Die Shell-Jugendstudie 2019 attestiert den heutigen Jugendgenerationen wachsendes politisches Interesse und Engagement. Aber nicht allen Jugendlichen. Die aus unteren und abgehängten Gesellschaftsschichten neigen eher als andere zu rechtspopulistischen Ideologien. Und die Studie macht auch klar, woran das liegt: An der Bildung bzw. am Mangel an Bildung.
Der französische Soziologe Pierre Bourdieu hat den Begriff der Höllenmaschine in die Wissenschaft eingeführt. Zu den „Höllenmaschinen“ im sozialen Maschinenraum zählte er neben anderen – das Bildungs- und besonders das Schulsystem. Wenn vielleicht auch nicht ausdrücklich mit diesem Zweck programmiert, sorge es faktisch jedoch dafür, dass Kinder aus armen Schichten abgewertet werden, dass ungleiche Berufschancen und beschränkte soziale Zugangsmöglichkeiten fortbestehen, dass eine bestimmte Form der Klassenherrschaft intakt bleibt und weiterhin als legitim gilt.
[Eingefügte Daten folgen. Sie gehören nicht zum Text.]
Definition normalize_atoms (s : rep X) : rep X := rescale s (atom_norm s).

Lemma atom_norm_ge0 (s : rep X) (i : 'I_(rn s)) : 0 <= atom_norm s i.
Proof. by rewrite divr_ge0 // ltW // (inD_1_sub_sqr_gt0 (ptD s i)). Qed.

Lemma atom_norm_eq0 (s : rep X) (i : 'I_(rn s)) : atom_norm s i = 0 -> lam s i = 0.
Proof.
rewrite /atom_norm => /eqP; rewrite mulf_eq0 invr_eq0 normr_eq0.
by rewrite (gt_eqF (inD_1_sub_sqr_gt0 (ptD s i))) orbF => /eqP.
Qed.

Lemma bloch_ball_exists : exists g', exists g : C -> C, bloch_ball g g'.
Proof. by exists (peak' 0), (peak 0); apply: bloch_ball_peak; exact: inD0. Qed.

Lemma sup_max_ge0 (s : rep X) : (0 <= sup_max s)%E.
Proof.
have [g' g'B] := bloch_ball_exists; apply: le_ereal_sup_tmp.
by exists (\big[Order.max/0]_(i < rn s) complex.Re (`|lam s i| * `|g' (pt s i)|))%:E;
  [exists g' | rewrite lee_fin bigmax_ge_id].
Qed.

Lemma atom_norm_le_sup_max (s : rep X) (i : 'I_(rn s)) :
  ((complex.Re (atom_norm s i))%:E <= sup_max s)%E.
Proof.
apply: le_ereal_sup_tmp; eexists.
  by exists (peak' (pt s i)) => //; exists (peak (pt s i)); exact: bloch_ball_peak (ptD s i).
rewrite lee_fin; apply: le_trans (le_bigmax _ _ i); apply: Re_le.
by rewrite /atom_norm norm_peak'_center //; exact: (ptD s i).
Qed.

Lemma sup_sum_ge0 (s : rep X) : (0 <= sup_sum s)%E.
Proof.
have [g' g'B] := bloch_ball_exists; apply: le_ereal_sup_tmp.
exists (\sum_(i < rn s) complex.Re (`|lam s i| * `|g' (pt s i)|))%:E; first by exists g'.
by rewrite lee_fin; apply: sumr_ge0 => i _; apply/Re_ge0/mulr_ge0.
Qed.

Lemma nrmZ_ge0 (c : C) (x : X) : (0 <= c)%R -> nrm (c *: x) = (complex.Re c * nrm x)%R.
Proof. by move=> c_ge0; rewrite /nrm normrZ Re_mulr_ge0 // ger0_norm. Qed.

Lemma d1_alt_term_le (s : rep X) :
  ((\sum_(i < rn s) complex.Re (atom_norm s i) * nrm (vec s i))%:E <=
   sup_max s * (\sum_(i < rn s) nrm (vec s i))%:E)%E.
Proof.
have max_le : ((\big[Order.max/0]_(i < rn s) complex.Re (atom_norm s i))%:E <= sup_max s)%E.
  rewrite -EFin_bigmax bigmax_le //; first exact: sup_max_ge0.
  by move=> i _; exact: atom_norm_le_sup_max.
have sum_ge0 : (0 <= (\sum_(i < rn s) nrm (vec s i))%:E)%E.
  by rewrite lee_fin; apply: sumr_ge0 => i _; exact: nrm_ge0.
apply: le_trans (lee_wpmul2r sum_ge0 max_le).
rewrite -EFinM lee_fin mulr_sumr ler_sum // => i _.
by rewrite ler_wpM2r ?nrm_ge0 // (le_bigmax _ (fun i => complex.Re (atom_norm s i))).
Qed.

Lemma sup_max_normalize_atoms_le1 (s : rep X) : (sup_max (normalize_atoms s) <= 1)%E.
Proof.
apply: ge_ereal_sup => _ [g' [g gB] <-]; rewrite lee_fin bigmax_le // => i _.
cbn [rlam rz normalize_atoms rescale].
rewrite -[leRHS]/(complex.Re 1); apply: Re_le.
have [->|lam_neq0] := eqVneq (lam s i) 0; first by rewrite !mul0r normr0 mul0r.
rewrite normf_div (ger0_norm (@atom_norm_ge0 s i)) /atom_norm invf_div mulrCA divff.
  by rewrite mulr1; exact: gB.2.2 (ptD s i).
by rewrite normr_eq0.
Qed.

Lemma d1_normalize_atoms_term_le (s : rep X) :
  (sup_max (normalize_atoms s) * (\sum_(i < rn s) nrm (vec (normalize_atoms s) i))%:E
   <= (\sum_(i < rn s) complex.Re (atom_norm s i) * nrm (vec s i))%:E)%E.
Proof.
under eq_bigr => i _ do rewrite nrmZ_ge0 ?atom_norm_ge0 //.
apply: le_trans (lee_wpmul2r _ (sup_max_normalize_atoms_le1 s)) _; last by rewrite mul1e.
rewrite lee_fin; apply: sumr_ge0 => i _.
by rewrite mulr_ge0 ?nrm_ge0 //; apply/Re_ge0/atom_norm_ge0.
Qed.

Lemma d1_eq (r : rep X) : d1 r = d1_alt r.
Proof.
apply/le_anti/andP; split; apply: ereal_inf_image_le => s rs.
- exists (normalize_atoms s); last exact: d1_normalize_atoms_term_le.
  by apply: same_elt_rescale => // i /atom_norm_eq0; left.
- by exists s => //; exact: d1_alt_term_le.
Qed.

Definition sup_sum_nrm (s : rep X) : \bar R :=
  ereal_sup [set (\sum_(i < rn s)
                   complex.Re (`|lam s i| * `|g' (pt s i)|) * nrm (vec s i))%:E
            | g' in [set g' | exists g, bloch_ball g g']].

Definition normalize_vecs (s : rep X) : rep X := rescale s (fun i => `|vec s i|^-1).

Lemma sup_sum_normalize_vecs (s : rep X) :
  sup_sum (normalize_vecs s) = sup_sum_nrm s.
Proof.
congr ereal_sup; apply: eq_imagel => g' _; congr EFin; apply: eq_bigr => i _.
by rewrite [rlam _]/= invrK normrM normr_id mulrAC Re_mulr_ge0.
Qed.

Lemma max_nrm_normalize_vecs_le1 (s : rep X) :
  \big[Order.max/0]_(i < rn s) nrm (vec (normalize_vecs s) i) <= 1.
Proof.
rewrite bigmax_le // => i _; rewrite -[leRHS]/(complex.Re 1); apply: Re_le.
rewrite [rx _]/= normrZ normfV normr_id.
by have [->|x_neq0] := eqVneq `|vec s i| 0; rewrite ?invr0 ?mul0r ?mulVf.
Qed.

Lemma dinf_normalize_vecs_term_le (s : rep X) :
  (sup_sum (normalize_vecs s) *
   (\big[Order.max/0]_(i < rn s) nrm (vec (normalize_vecs s) i))%:E <= sup_sum_nrm s)%E.
Proof.
have max_le1 := max_nrm_normalize_vecs_le1 s; rewrite -lee_fin in max_le1.
apply: le_trans (lee_wpmul2l (sup_sum_ge0 _) max_le1) _.
by rewrite mule1 sup_sum_normalize_vecs.
Qed.

Lemma dinf_alt_term_le (s : rep X) :
  (sup_sum_nrm s <= sup_sum s * (\big[Order.max/0]_(i < rn s) nrm (vec s i))%:E)%E.
Proof.
apply: ge_ereal_sup => _ [g' g'B <-].
set M := \big[Order.max/0]_(i < rn s) nrm (vec s i).
apply: (@le_trans _ _
  ((\sum_(i < rn s) complex.Re (`|lam s i| * `|g' (pt s i)|)) * M)%:E).
  rewrite lee_fin mulr_suml ler_sum // => i _.
  by rewrite ler_wpM2l ?(le_bigmax _ (fun i => nrm (vec s i))) //; apply/Re_ge0/mulr_ge0.
rewrite EFinM lee_wpmul2r ?lee_fin ?bigmax_ge_id //.
by apply: ereal_sup_ubound; exists g'.
Qed.

Lemma dinf_eq (r : rep X) : dinf r = dinf_alt r.
Proof.
apply/le_anti/andP; split; apply: ereal_inf_image_le => s rs.
- exists (normalize_vecs s); last exact: dinf_normalize_vecs_term_le.
  by apply: same_elt_rescale => // i /eqP; rewrite invr_eq0 normr_eq0 => /eqP; right.
- by exists s => //; exact: dinf_alt_term_le.
Qed.

End Representations.

Theorem proposition2p7 (R : realType) (X : completeNormedModType R[i])
  (r : rep X) :
  d1 r = d1_alt r /\ dinf r = dinf_alt r.
Proof. by split; [exact: d1_eq | exact: dinf_eq]. Qed.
Eine deutliche Bestätigung für die Aktualität dieser immerhin schon über dreißig Jahre alten These liefert die aktuelle Shell-Jugendstudie. Die attestiert zwar erfreulicherweise der Mehrheit der heutigen Jugendlichen anhaltende politische Wachheit und wachsende Bereitschaft zu politischem Engagement. Doch eben nicht allen Jugendlichen. Es gebe eine starke Differenzierung nach sozialer Herkunft, sagen die Autoren der Studie. Die ohnehin Politisierten werden noch stärker politisiert. Die jedoch, die sich von der Politik missverstanden und ignoriert fühlen und nicht darauf vertrauen, etwas verändern zu können, die werden empfänglicher für rechtspopulistische Parolen. Je prekärer die sozialen Verhältnisse, in denen sie leben, desto eher fühlen sich die Jugendlichen tatsächlich benachteiligt. Und neigen gleichzeitig auch zu rechten Verschwörungstheorien. Etwa der, dass die Regierung sie belügt oder dass man nicht mehr sagen könne, was man meine.
Die Studie unterteilt die Jugendlichen zwischen 15 und 25 Jahren in „Kosmopoliten“ (etwa 12 Prozent), „Weltoffene“ (etwa 27 Prozent), „Nicht-eindeutig-Positionierte“ (etwa 28 Prozent) und „Populismus-Geneigte“ (etwa 24 Prozent). Bei der Analyse dieser letzten – immerhin ein Viertel ausmachenden – Gruppe zeigt sich überdies eine eindeutige Beziehung zwischen sozialer Herkunft und Bildungsposition. Je höher die Bildungsposition der Befragten, desto geringer die Populismusaffinität. Mit anderen Worten: Wenn Jugendliche aus den unteren sozialen Milieus kommen, sind sie in der Regel ungebildet. Und je weniger gebildet sie sind, desto eher tendieren sie zu politisch vereinfachtem, sprich populistischem Denken.
Das ist nun keineswegs eine dramatisch neue Erkenntnis. Dass nur eine verschwindende Minderheit von Jugendlichen aus der unteren Schicht es aufs Gymnasium schafft, ein alter Hut. Ebenso die Tatsache, dass das deutsche Schulsystem nicht in der Lage ist, soziale Unterschiede zu kompensieren. Sondern vielmehr systemisch darauf angelegt, diese zu erhalten und zu stabilisieren. Was die Shell-Studie aber mit erschreckender Deutlichkeit vor Augen führt ist, wie die wachsende soziale Ungleichheit in Deutschland zu einer Gefahr für unsere Demokratie wird. Bisher war das immer eine ziemlich abstrakte Behauptung. Jetzt wissen wir genauer, wie das funktioniert. Mit einer von Bourdieus Höllenmaschinen. Dem Bildungssystem.